Qu’est-ce qu’on va foutre dans l’espace? La question que doivent se poser de nombreux Luxembourgeois, relayée par un journaliste, n’a pas l’air de décontenancer Étienne Schneider. Arrivé lundi soir à San Francisco, le ministre de l’économie a invité la presse à un briefing à 22h30 dans une salle de conférence de l’hôtel W sur la 3rd Street.
Schneider évoque les retombées à court terme pour la recherche et l’imagerie par satellite. À moyen terme, il envisage des activités comme la recharge ou la réparation de satellites qui ne fonctionnent plus. Le ministre veut faire avancer la discussion sur les débris en orbite autour de la terre: « Il ne faut pas répéter dans l’espace les erreurs qu’on a commises sur terre. L’introduction d’une réglementation obligeant à enlever les débris permettrait à des entreprises d’offrir ces services – une sorte de Lamesch de l’espace ».
Alors, l’engagement luxembourgeois dans l’espace doit-il servir au plus grand bien de l’humanité? Ou n’est ce qu’un pari financier sur des retours sur investissement?
« Notre objectif, c’est de faire des affaires », affirme Matteo Genna, un des directeurs chez le constructeur de satellites SSL, lors de la visite de la délégation luxembourgeoise. Un constructeur qui met plus l’accent sur la qualité de construction que sur des innovations hasardeuses. Instructions strictes pour la visite : enfiler des habits de protection, ne toucher à rien, le moindre grain de sable peut faire échouer une mission. Au bout de la visite et de quelques conversations, l’impression qui se dégage n’est pas celle d’une entreprise obsédée par la marge bénéficiaire.
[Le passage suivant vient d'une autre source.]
(* Let $z\in\mathbb{C}^n$ have unit-modulus entries, let $W\in\mathbb{C}^{n\times n}$ be Hermitian and $z$-discordant (i.e., $\|W\|_{\mathrm{op}} \leq 3\sqrt{n}$ and $\|Wz\|_\infty \leq 3\sqrt{n\log n}$), and let $C = zz^* + \sigma W$. Let $x\in\mathbb{C}^n$ satisfy $\|x\|_2^2 = n$ and $z^*Cz \leq x^*Cx$ (e.g., $x$ a global optimizer of $\max x^*Cx$ subject to $|x_1|=\cdots=|x_n|=1$), with global phase chosen so that $z^*x = |z^*x|$. The $\ell_2$ error bound $\|x-z\|_2 \leq 12\sigma$ (obtained by expanding $z^*Cz \leq x^*Cx$, dividing $n^2-|z^*x|^2 \leq \sigma(x^*Wx - z^*Wz)$ by $n+|z^*x| \geq n$, and using $x^*Wx - z^*Wz \leq \|x-z\|_2\|W\|_{\mathrm{op}}\|x+z\|_2$) can be bootstrapped to reduce the constant: assuming $\|x-z\|_2 \leq \alpha\sigma$ and $\sigma \leq t\sqrt{n}$, one obtains $\|x-z\|_2 \leq \alpha_k\sigma$ for all $k$, with $\alpha_0 = 12$ and $\alpha_{k+1} = 6 + (t/2)^2\alpha_k^3$. For $t < 1/(6\sqrt{2})$ small enough, $\alpha_k$ converges arbitrarily close to $6$. For example, if $\sigma \leq \sqrt{n}/12$, then $\|x-z\|_2 \leq 6.5\sigma$.
   Context: Angular synchronization: measurements $C = zz^*+\sigma W$ of relative phases; the maximum likelihood estimator solves $\max_{x} x^*Cx$ subject to $|x_i|=1$ for all $i$. The basic bound $\|x-z\|_2\leq 12\sigma$ is pessimistic because it uses $n+|z^*x|\geq n$ although $n+|z^*x|$ is closer to $2n$. *)

From HB Require Import structures.
From mathcomp Require Import all_boot all_order all_algebra.
From mathcomp Require Import complex.
From mathcomp Require Import reals exp.
Set Implicit Arguments. Unset Strict Implicit. Unset Printing Implicit Defensive.
Import Order.TTheory GRing.Theory Num.Theory.
Local Open Scope ring_scope.

Section Defs.
Variable R : realType.
Variable n : nat.
Local Notation C := R[i].

Definition cmod (c : C) : R := Num.sqrt (complex.Re c ^+ 2 + complex.Im c ^+ 2).

Definition adjmx m p (A : 'M[C]_(m, p)) : 'M[C]_(p, m) := (map_mx (@conjc R) A)^T.

Definition is_hermitian (W : 'M[C]_n) : Prop := adjmx W = W.

Definition l2norm (v : 'cV[C]_n) : R := Num.sqrt (\sum_i cmod (v i 0) ^+ 2).

Definition dotc (u v : 'cV[C]_n) : C := (adjmx u *m v) 0 0.

Definition unit_modulus (z : 'cV[C]_n) : Prop := forall i, cmod (z i 0) = 1.

Definition opnorm_le (W : 'M[C]_n) (b : R) : Prop :=
  forall v : 'cV[C]_n, l2norm (W *m v) <= b * l2norm v.

Definition infnorm_le (v : 'cV[C]_n) (b : R) : Prop := forall i, cmod (v i 0) <= b.

Definition discordant (z : 'cV[C]_n) (W : 'M[C]_n) : Prop :=
  opnorm_le W (3 * Num.sqrt (n%:R)) /\
  infnorm_le (W *m z) (3 * Num.sqrt (n%:R * ln (n%:R))).

Definition measC (z : 'cV[C]_n) (sigma : R) (W : 'M[C]_n) : 'M[C]_n :=
  z *m adjmx z + (real_complex R sigma) *: W.

End Defs.

Definition alpha (R : realType) (t : R) (k : nat) : R :=
  iter k (fun a => 6 + (t / 2) ^+ 2 * a ^+ 3) 12.

Definition seq_cvg_to (R : realType) (a : nat -> R) (L : R) : Prop :=
  forall e : R, 0 < e -> exists N : nat, forall k : nat, (N <= k)%N -> `|a k - L| < e.

(** The maximum-likelihood inequality [z^*Cz <= x^*Cx] becomes, after expanding [C = zz^* + sigma W],
    [n^2 - |z^*x|^2 <= sigma (x^*Wx - z^*Wz)].  With [d = ||x - z||] and [s = ||x + z||] the left side
    is [(d s)^2 / 4] and the right side is [sigma Re <x - z, W(x + z)> <= 3 sigma sqrt n d s], whence
    [d s <= 12 sigma sqrt n].  Since [s >= sqrt n] this gives [d <= 12 sigma].  Using instead
    [s^2 = 4n - d^2] and [s <= 2 sqrt n] gives [d <= 6 sigma + d^3 / (4n)]; feeding in an a priori
    bound [d <= a sigma] together with [sigma <= t sqrt n] yields [d <= (6 + (t/2)^2 a^3) sigma],
    which is the recursion defining [alpha t].  For [72 t^2 < 1] that recursion is nonincreasing and
    bounded below by [6], hence convergent, with limit at most [alpha t 1 = 6 + 432 t^2]. *)
From mathcomp Require Import all_boot all_order all_algebra.
From mathcomp Require Import complex.
From mathcomp Require Import reals.
From mathcomp Require Import classical_sets.
From mathcomp Require Import ring lra.
Set Implicit Arguments. Unset Strict Implicit. Unset Printing Implicit Defensive.
Import Order.TTheory GRing.Theory Num.Theory.
Local Open Scope ring_scope.

Lemma nonincreasing_seq_cvg_to (R : realType) (a : nat -> R) (m : R) :
  (forall k, a k.+1 <= a k) -> (forall k, m <= a k) ->
  exists L, seq_cvg_to a L /\ forall k, L <= a k.
Proof.
move=> a_dec a_ge; set E := range a.
have E_inf : has_inf E by split; [exists (a 0%N), 0%N | exists m => _ [k _ <-]].
have inf_le k : inf E <= a k by apply: (ge_inf E_inf.2); exists k.
exists (inf E); split => // e e_gt0.
have [_ [N _ <-] aN_lt] := inf_adherent e_gt0 E_inf.
exists N => k le_Nk.
have ak_le : a k <= a N.
  have ge_trans : forall y x z : R, y <= x -> z <= y -> z <= x.
    by move=> y x z yx zy; exact: le_trans zy yx.
  exact: (homo_leq (r := fun x y => y <= x) (@lexx _ _) ge_trans a_dec le_Nk).
by rewrite ger0_norm ?subr_ge0 //; lra.
Qed.

Lemma sum_mul_le_sqrt (R : rcfType) (I : finType) (f g : I -> R) :
  \sum_i f i * g i <= Num.sqrt (\sum_i f i ^+ 2) * Num.sqrt (\sum_i g i ^+ 2).
Proof.
set S := \sum_i f i * g i.
have lagrange : 0 <= (\sum_i f i ^+ 2) * (\sum_i g i ^+ 2) - S ^+ 2.
  set X := (X in 0 <= X).
  have -> : X = \sum_i \sum_j (f i ^+ 2 * g j ^+ 2 - f i * g i * (f j * g j)).
    rewrite /X /S expr2 !mulr_suml -sumrB; apply: eq_bigr => i _.
    by rewrite !mulr_sumr -sumrB.
  set Y := (Y in 0 <= Y); suff : 0 <= Y + Y by lra.
  have -> : Y + Y = \sum_i \sum_j (f i * g j - f j * g i) ^+ 2.
    rewrite {2}/Y exchange_big -big_split; apply: eq_bigr => i _ /=.
    by rewrite -big_split; apply: eq_bigr => j _ /=; ring.
  by do 2!apply: sumr_ge0 => ? _; exact: sqr_ge0.
rewrite -sqrtrM ?sumr_ge0 // => [|i _]; last exact: sqr_ge0.
apply: le_trans (ler_norm S) _.
by rewrite -sqrtr_sqr ler_sqrt; [lra | apply: mulr_ge0; apply: sumr_ge0 => i _; apply: sqr_ge0].
Qed.

Lemma dist_le_of_mul_le (R : realFieldType) (d s r sigma : R) :
  0 <= d -> 0 <= s -> 0 <= sigma -> 0 <= r -> d ^+ 2 + s ^+ 2 = 4 * r ^+ 2 ->
  d ^+ 2 <= s ^+ 2 -> d * s <= 12 * sigma * r -> d <= 12 * sigma.
Proof.
move=> d_ge0 s_ge0 sigma_ge0 r_ge0 sum_sqr d_le_s ds_le.
have [r0 | r_neq0] := eqVneq r 0.
  have -> : d = 0 by move: sum_sqr; rewrite r0; nra.
  by rewrite mulr_ge0.
have r_gt0 : 0 < r by rewrite lt_neqAle eq_sym r_neq0.
have r_le_s : r <= s by rewrite -(ler_pXn2r (isT : (0 < 2)%N)) ?nnegrE //; nra.
rewrite -(ler_pM2r r_gt0); nra.
Qed.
Est-ce l’esprit écolo omniprésent en Californie du Nord? SSL réfléchit aussi aux débris orbitaux – et considère qu’il s’agit d’un problème de gestion de biens communs. En fait, l’entreprise est marquée par l’approche typique des ingénieurs, ce dont attestent les slogans d’Einstein et d’autres placés sur les murs. Avec le patriotisme en prime – de grands drapeaux américains décorent les murs des halls de construction.
Droit de sol
Chez l’investisseur Steve Jurvetson par contre, il y a un seul Stars and Stripes: celui qui a servi lors des entraînements pour la mission Apollo 11. Pour séduire la délégation luxembourgeoise, celle-ci a pu visiter sa collection de souvenirs de l’espace. Avec autorisation expresse de toucher aux objets tels que les tableaux de bords de vaisseaux spatiaux du 20e siècle. Sur les murs: les logos des sociétés favorites de l’investisseur.
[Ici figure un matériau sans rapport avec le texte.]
Lemma ps_root (z : ps) (a : nat) : (0 < a)%N -> z 0%N != 0 ->
  exists w : ps, w 0%N != 0 /\ w ^+ a = z.
Proof.
move=> ha hz.
have [w0 hw0] : exists w0 : k, w0 ^+ a = z 0%N.
  have [x hx] := @solve_monicpoly k a (fun i => if i == 0%N then z 0%N else 0) ha.
  exists x; rewrite hx (bigD1 (Ordinal ha)) //= expr0 mulr1 big1 ?addr0 // => i hi.
  have /negbTE -> : val i != 0%N by apply: contra hi => /eqP h; apply/eqP/val_inj.
  by rewrite mul0r.
have w0n : w0 != 0 by apply: contraNneq hz => h; rewrite -hw0 h expr0n gtn_eqF.
have hlam : a%:R * w0 ^+ a.-1 != 0 by rewrite mulf_neq0 ?natf_neq0_char0 ?expf_neq0.
have [||w [hw0' hw]] := @newton _ (fun w => w ^+ a) z w0 _ hlam.
- by move=> w hw; rewrite pcoefX0 hw hw0.
- move=> w w' m hm h0 h0' hww'.
  rewrite -pcoefB subrXX pcoef_tdvdM => [|i hi]; last by rewrite pcoefB hww' // subrr.
  rewrite pcoefB mulrC pcoef_sum (eq_bigr (fun _ => w0 ^+ a.-1)).
    by rewrite sumr_const card_ord mulr_natl.
  move=> i _; rewrite pcoefM0 !pcoefX0 h0 h0' -exprD subnK //.
  by rewrite -ltnS prednK.
by exists w; rewrite hw0'.
Qed.

Lemma uniformizer_root (y : ps) p : (0 < p)%N -> vord y p ->
  exists u : ps, vord u 1 /\ u ^+ p = y.
Proof.
move=> hp hy.
have [|w [hw0 hw]] := @ps_root (tshift p y) p hp; first by rewrite /tshift add0n; case: hy.
exists (tpow 1 * w); split.
  by rewrite -[1%N]addn0; apply: vordM (vord_tpow k 1) _; split.
by rewrite exprMn tpowX hw -tshiftK //; exact: vord_tdvd hy.
Qed.

End Root.

Section Monomials.
Variable k : fieldType.
Variable n : nat.
Variable x : nat -> ps k.
Local Notation ps := (ps k).
Local Notation exps := {ffun 'I_n -> nat}.
Local Notation mono al := (monoeval al x).

Definition mdeg (al : exps) : nat := (\sum_(i < n) al i)%N.
Definition ffval L (b : {ffun 'I_n -> 'I_L}) : exps := [ffun i => val (b i)].
Definition mmono (be : exps) : mps k n := fun al => (al == be)%:R.
Definition eunit (i : 'I_n) : exps := [ffun j => nat_of_bool (j == i)].
Definition ezero : exps := [ffun _ => 0%N].
Definition eadd (al be : exps) : exps := [ffun i => (al i + be i)%N].
Definition esub1 (al : exps) (i : 'I_n) : exps := [ffun j => (al j - (j == i))%N].

Lemma mmono_eq (al : exps) : mmono al al = 1. Proof. by rewrite /mmono eqxx. Qed.
Lemma mmono_neq (al be : exps) : be != al -> mmono al be = 0.
Proof. by move/negbTE; rewrite /mmono => ->. Qed.

Lemma eunit_inj : injective eunit.
Proof. by move=> i j /(congr1 (fun f : exps => f i)); rewrite !ffunE eqxx; case: eqP. Qed.
Lemma eunit_neq0 i : eunit i != ezero.
Proof. by apply/eqP => /(congr1 (fun f : exps => f i)); rewrite !ffunE eqxx. Qed.
Lemma rejected_refutable (a0 : nat) (A : formula) : rejected a0 A -> refutable A.
Proof.
  induction 1 as [ | | A B Himp _ [D [I [rho HB]]] | A B s _ [D [I [rho HA]]] ->
                 | A a b Hhint Hld _ _ Hnot].
  - (* eps a0 a0 fails when every predicate is empty *)
    exists bool, (fun _ _ => False), (fun _ => true).
    rewrite sat_T_eps; intros [[x [[] _]] _].
  - (* eps a0 a0 holds in a one-point structure with full predicates *)
    exists unit, (fun _ _ => True), (fun _ => tt).
    assert (Htrue : eps_holds (fun (_ : nat) (_ : unit) => True) a0 a0).
    { split; [exists tt; auto | intros [] [] _ _; reflexivity]. }
    intro Hn; exact (Hn (proj2 (sat_T_eps _ (fun _ => tt) a0 a0) Htrue)).
  - (* a countermodel of B refutes A, since A -> B is true everywhere *)
    exists D, I, rho; intro HA.
    exact (HB (proj1 (sat_T_imp I rho A B) (provable_sound _ Himp D I rho) HA)).
  - (* reindex the predicates of a countermodel of the instance *)
    exists D, (fun n => I (s n)), rho.
    rewrite <- sat_T_nsubst; exact HA.
  - exact (refutable_extension A a b Hhint Hld Hnot).
Qed.

Theorem theorem6p1 : forall (a0 : nat) (A : formula), valid (T A) -> ~ rejected a0 A.
Proof.
  intros a0 A Hvalid Hrej.
  destruct (rejected_refutable a0 A Hrej) as [D [I [rho Hfalse]]].
  exact (Hfalse (Hvalid D I rho)).
Qed.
Le capital risque viendra-t-il au Luxembourg ? Sera-t-il dissuadé par l’avis récent du conseil d’Etat, affirmant qu’une sécurité juridique ne saurait être établie par une loi luxembourgeoise sur le droit de propriété des ressources minières spatiales. « Pour moi, ça ne change rien », a affirmé Étienne Schneider dès lundi. Il estime pouvoir faire bouger les négociations internationales en la matière, comme le souhaitent les investisseurs. Deux jours plus tard, le ministre a renchéri: le Luxembourg créera une agence spatiale, financée par un PPP, et destinée à s’occuper du volet commercial de l’exploration spatiale. Tout cela pour le bien commun de l’humanité, c’est entendu.